The United States’ Gross Domestic Product expanded at an annual rate of 3% in the second quarter, the US Bureau of Economic Analysis’ (BEA) first estimate showed on Wednesday. This print followed the 0.5% contraction recorded in the first quarter and came in better than the market expectation for an expansion of 2.4%.

Other details of the report showed that the Core Personal Consumption Expenditures (PCE) Price Index rose 2.5% on a quarterly basis in the second quarter, compared to the market expectation of 2.4%. Additionally, Gross Domestic Product Price Index rose 2% in Q2, down from the 3.8% increase seen in Q1.

“The increase in real GDP in the second quarter primarily reflected a decrease in imports, which are a subtraction in the calculation of GDP, and an increase in consumer spending,” the BEA noted in its press release. “These movements were partly offset by decreases in investment and exports.”
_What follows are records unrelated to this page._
(* Let $Q=(M,\Omega)$ be a $2$-sheltering matroid on ground set $U$ such that the multimatroid $\mathcal Z(Q)$ is tight, and suppose $M$ is representable over a field $\mathbb F$. Then $r(M)=|\Omega|$ (so $Q$ is strict). Moreover, if $B$ is a basis of $M$ that is a transversal of $\Omega$ and $T=U\setminus B$ (a transversal), then for every standard $\mathbb F$-representation $(I\mid A)$ of $M$ with respect to $B$ (identity columns indexed by $B$, columns of $A$ indexed by $T$), the matrix $A$ is zero-diagonal, i.e. $A_{b,t}=0$ whenever $\{b,t\}\in\Omega$. If $\mathbb F=GF(2)$, then $A$ is in addition symmetric, i.e. $A_{b,t}=A_{b',t'}$ whenever $\{b,t'\},\{b',t\}\in\Omega$.
   Context: Let $\Omega$ be a partition of a finite set $U$; a subtransversal (transversal) meets every class in at most (exactly) one element. A sheltering matroid is a pair $Q=(M,\Omega)$ with $M$ a matroid on $U$ such that for every independent subtransversal $I$ of $M$ and every $2$-element subset $\{x,y\}$ of a class $\omega$ with $\omega\cap I=\emptyset$, $I\cup\{x\}$ or $I\cup\{y\}$ is independent in $M$; it is a $2$-sheltering matroid if all classes have size $2$, and strict if $r(M)\le|\Omega|$. $\mathcal Z(Q)$ is the multimatroid on $(U,\Omega)$ whose independent sets are the independent subtransversals of $M$. $\mathcal Z(Q)$ is tight if every class has size $>1$ and for every subtransversal $S$ with $|S|=|\Omega|-1$, letting $\omega$ be the class disjoint from $S$, there is $x\in\omega$ with $r_M(S\cup\{x\})=r_M(S)$. *)

From HB Require Import structures.
From mathcomp Require Import all_boot all_algebra.
Set Implicit Arguments. Unset Strict Implicit. Unset Printing Implicit Defensive.
Import GRing.Theory.
Local Open Scope ring_scope.

Record matroid (U : finType) := Matroid {
  indep : {set U} -> bool;
  indep0 : indep set0;
  indep_sub : forall X Y : {set U}, Y \subset X -> indep X -> indep Y;
  indep_aug : forall X Y : {set U}, indep X -> indep Y -> (#|X| < #|Y|)%N ->
      exists2 x, x \in Y :\: X & indep (x |: X)
}.

Definition mrank (U : finType) (M : matroid U) (S : {set U}) : nat :=
  \max_(I : {set U} | (I \subset S) && indep M I) #|I|.

Definition mrankM (U : finType) (M : matroid U) : nat := mrank M setT.

Definition is_basis (U : finType) (M : matroid U) (B : {set U}) : Prop :=
  indep M B /\ forall x, x \notin B -> ~~ indep M (x |: B).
Market reaction to US GDP data

The US Dollar (USD) gathers strength following the upbeat GDP data. At the time of press, the USD Index was trading at its highest level in five weeks at 99.25, rising 0.35% on a daily basis.

US Dollar PRICE Today

The table below shows the percentage change of US Dollar (USD) against listed major currencies today. US Dollar was the strongest against the Australian Dollar.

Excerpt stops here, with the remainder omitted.